[Dataset records]
#####
(* A minimal prime graph complement has no vertex of degree $1$.
   Context: All graphs are finite and simple. A graph $G$ is a minimal prime graph complement if $G$ has at least $2$ vertices and: (1) the complement $\overline{G}$ is connected; (2) $G$ is triangle-free; (3) $G$ is $3$-colorable (has a proper vertex coloring with $3$ colors); (4) $G$ is edge-maximal with respect to (2) and (3), i.e. for any two distinct nonadjacent vertices $u,v$ of $G$, the graph obtained by adding the edge $uv$ to $G$ either contains a triangle or is not $3$-colorable. *)

From mathcomp Require Import all_boot.
Set Implicit Arguments. Unset Strict Implicit. Unset Printing Implicit Defensive.

Definition simple_graph (T : finType) (e : rel T) : Prop :=
  symmetric e /\ irreflexive e.

Definition compl_rel (T : finType) (e : rel T) : rel T :=
  [rel x y | (x != y) && ~~ e x y].

Definition connected_graph (T : finType) (e : rel T) : Prop :=
  forall x y : T, connect e x y.

Definition triangle_free (T : finType) (e : rel T) : Prop :=
  forall x y z : T, ~ (e x y /\ e y z /\ e x z).

Definition proper_coloring (T : finType) (k : nat) (e : rel T) (c : T -> 'I_k) : Prop :=
  forall x y : T, e x y -> c x != c y.

Definition colorable (T : finType) (k : nat) (e : rel T) : Prop :=
  exists c : T -> 'I_k, proper_coloring e c.

Definition add_edge (T : finType) (e : rel T) (u v : T) : rel T :=
  [rel x y | [|| e x y, (x == u) && (y == v) | (x == v) && (y == u)]].

Definition minimal_prime_graph_complement (T : finType) (e : rel T) : Prop :=
  [/\ simple_graph e /\ 1 < #|T|,
      connected_graph (compl_rel e),
      triangle_free e,
      colorable 3 e
    & forall u v : T, u != v -> ~~ e u v ->
        ~ triangle_free (add_edge e u v) \/ ~ colorable 3 (add_edge e u v)].

Definition degree (T : finType) (e : rel T) (x : T) : nat := #|[set y | e x y]|.

(* A pendant vertex x with unique neighbour y forces y to be adjacent to every
   other vertex z: otherwise the edge xz could be added, since x and z have no
   common neighbour (so no triangle appears) and x, now adjacent only to y and
   z, can be recoloured with a third colour.  But a vertex adjacent to all
   others is isolated in the complement, which is connected only when the
   graph has a single vertex. *)

From mathcomp Require Import all_boot.
Set Implicit Arguments. Unset Strict Implicit. Unset Printing Implicit Defensive.

Section AddEdge.

Variables (T : finType) (e : rel T) (u v : T).

Lemma add_edge_sym : symmetric e -> symmetric (add_edge e u v).
Proof.
move=> sym a b; rewrite /add_edge /= sym.
by case: (a == u) (b == v) (a == v) (b == u) => [] [] [] []; rewrite ?orbT ?orbF.
Qed.

Lemma add_edge_irr : irreflexive e -> u != v -> irreflexive (add_edge e u v).
Proof.
move=> irr uv a; apply/negP; rewrite /add_edge /= irr /=.
by case/orP=> /andP [/eqP-> /eqP E]; move: uv; rewrite E eqxx.
Qed.

Lemma add_edge_notin_r a b : b != u -> b != v -> add_edge e u v a b = e a b.
Proof. by move=> bu bv; rewrite /add_edge /= (negbTE bu) (negbTE bv) !andbF !orbF. Qed.

Lemma add_edge_off a b : a != u -> b != u -> add_edge e u v a b = e a b.
Proof. by move=> au bu; rewrite /add_edge /= (negbTE au) (negbTE bu) andbF !orbF. Qed.

Lemma add_edge_l b : u != v -> add_edge e u v u b = e u b || (b == v).
Proof. by move=> uv; rewrite /add_edge /= eqxx (negbTE uv) orbF. Qed.

Lemma add_edge_triangle_free :
  symmetric e -> irreflexive e -> u != v -> triangle_free e ->
  (forall w, e u w -> ~~ e v w) -> triangle_free (add_edge e u v).
Proof.
move=> sym irr uv tri no_common.
set f := add_edge e u v.
have fsym : symmetric f by apply: add_edge_sym.
have firr : irreflexive f by apply: add_edge_irr.
have old a b d : f a b -> f b d -> f a d -> e a b.
  move=> fab fbd fad; apply/negPn/negP => Nab.
  have new_ab : ((a == u) && (b == v)) || ((a == v) && (b == u)).
    by move: fab; rewrite /f /add_edge /= (negbTE Nab).
  have [du dv] : d != u /\ d != v.
    split; apply/eqP => Ed; move: fbd fad; rewrite Ed;
      by case/orP: new_ab => /andP [/eqP-> /eqP->]; rewrite firr // andbF.
  move: fbd fad; rewrite /f !add_edge_notin_r // => ebd ead.
  case/orP: new_ab ebd ead => /andP [/eqP-> /eqP->] => [ evd eud | eud evd ];
    by have := no_common d eud; rewrite evd.
move=> a b d [fab [fbd fad]]; apply: (tri a b d); split; first exact: (old a b d).
by split; [apply: (old b d a) | apply: (old a d b)]; rewrite // fsym.
Qed.

End AddEdge.

Lemma ord_avoid2 n (a b : 'I_n) : 2 < n -> exists k : 'I_n, (k != a) && (k != b).
Proof.
move=> n_gt2; have: ~~ ([set: 'I_n] \subset [set a; b]).
  apply/negP => /subset_leq_card; rewrite cardsT card_ord cards2.
  by case: (a != b); rewrite leqNgt ?(ltnW n_gt2) ?n_gt2.
by case/subsetPn => k _; rewrite in_set2 negb_or; exists k.
Qed.

Lemma colorable_recolor (T : finType) n (e g : rel T) (x y z : T) :
  2 < n -> symmetric g -> ~~ g x x -> colorable n e ->
  (forall a b, a != x -> b != x -> g a b -> e a b) ->
  (forall w, g x w -> (w == y) || (w == z)) -> colorable n g.
Proof.
move=> n_gt2 gsym Ngxx [c cP] g_off g_x.
have [k /andP [ky kz]] := ord_avoid2 (c y) (c z) n_gt2.
have recolored w : g x w -> k != c w.
  by move=> gxw; case/orP: (g_x w gxw) => /eqP->.
have Ngx w : g x w -> w != x by move=> gxw; apply: contraTneq gxw => ->.
exists (fun w => if w == x then k else c w) => a b gab.
case: (eqVneq a x) => [Ea|ax].
  by move: gab; rewrite Ea => gxb; rewrite (negbTE (Ngx b gxb)) recolored.
case: (eqVneq b x) => [Eb|bx]; last exact/cP/g_off.
by move: gab; rewrite Eb gsym eq_sym => /recolored.
Qed.

Lemma compl_connected_dominating (T : finType) (e : rel T) (y : T) :
  connected_graph (compl_rel e) -> (forall z, z != y -> e y z) ->
  forall z, z = y.
Proof.
move=> conn dom z; case/connectP: (conn y z) => [[|p0 p] /=]; first by [].
by case/andP=> /andP [p0y Nyp0] _ _; move: Nyp0; rewrite dom // eq_sym.
Qed.

Theorem lemma3 (T : finType) (e : rel T) :
  minimal_prime_graph_complement e -> forall x : T, degree e x != 1.
Proof.
case=> [[[sym irr] _] conn tri col maximal] x.
apply/negP => /cards1P [y Nx].
have exy z : e x z = (z == y).
  by move/setP: Nx => /(_ z); rewrite !inE.
have xy : x != y by apply: contraFneq (irr x) => E; rewrite exy E.
suff dom z : z != y -> e y z.
  by move: xy; rewrite (compl_connected_dominating conn dom x) eqxx.
move=> zy; case: (eqVneq z x) => [->|zx]; first by rewrite sym exy.
apply/negPn/negP => Nyz.
have xz : x != z by rewrite eq_sym.
have Nxz : ~~ e x z by rewrite exy.
case: (maximal x z xz Nxz); apply.
- apply: add_edge_triangle_free => // w; rewrite exy => /eqP->.
  by rewrite sym.
- apply: (colorable_recolor (x := x) (y := y) (z := z) _ (add_edge_sym _ _ sym)) col _ _ => //.
  + by rewrite (add_edge_irr irr xz).
  + by move=> a b ax bx; rewrite add_edge_off.
  + by move=> w; rewrite add_edge_l // exy.
Qed.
#####
WHAT THE TASK ASKS:
Exactly the lines above from the one with "by split; [apply: (old" to the one with "move=> n_gt2; have: ~~", both included, are to be quoted; leave the rest out.

RESULT OF THE TASK:
by split; [apply: (old b d a) | apply: (old a d b)]; rewrite // fsym.
Qed.

End AddEdge.

Lemma ord_avoid2 n (a b : 'I_n) : 2 < n -> exists k : 'I_n, (k != a) && (k != b).
Proof.
move=> n_gt2; have: ~~ ([set: 'I_n] \subset [set a; b]).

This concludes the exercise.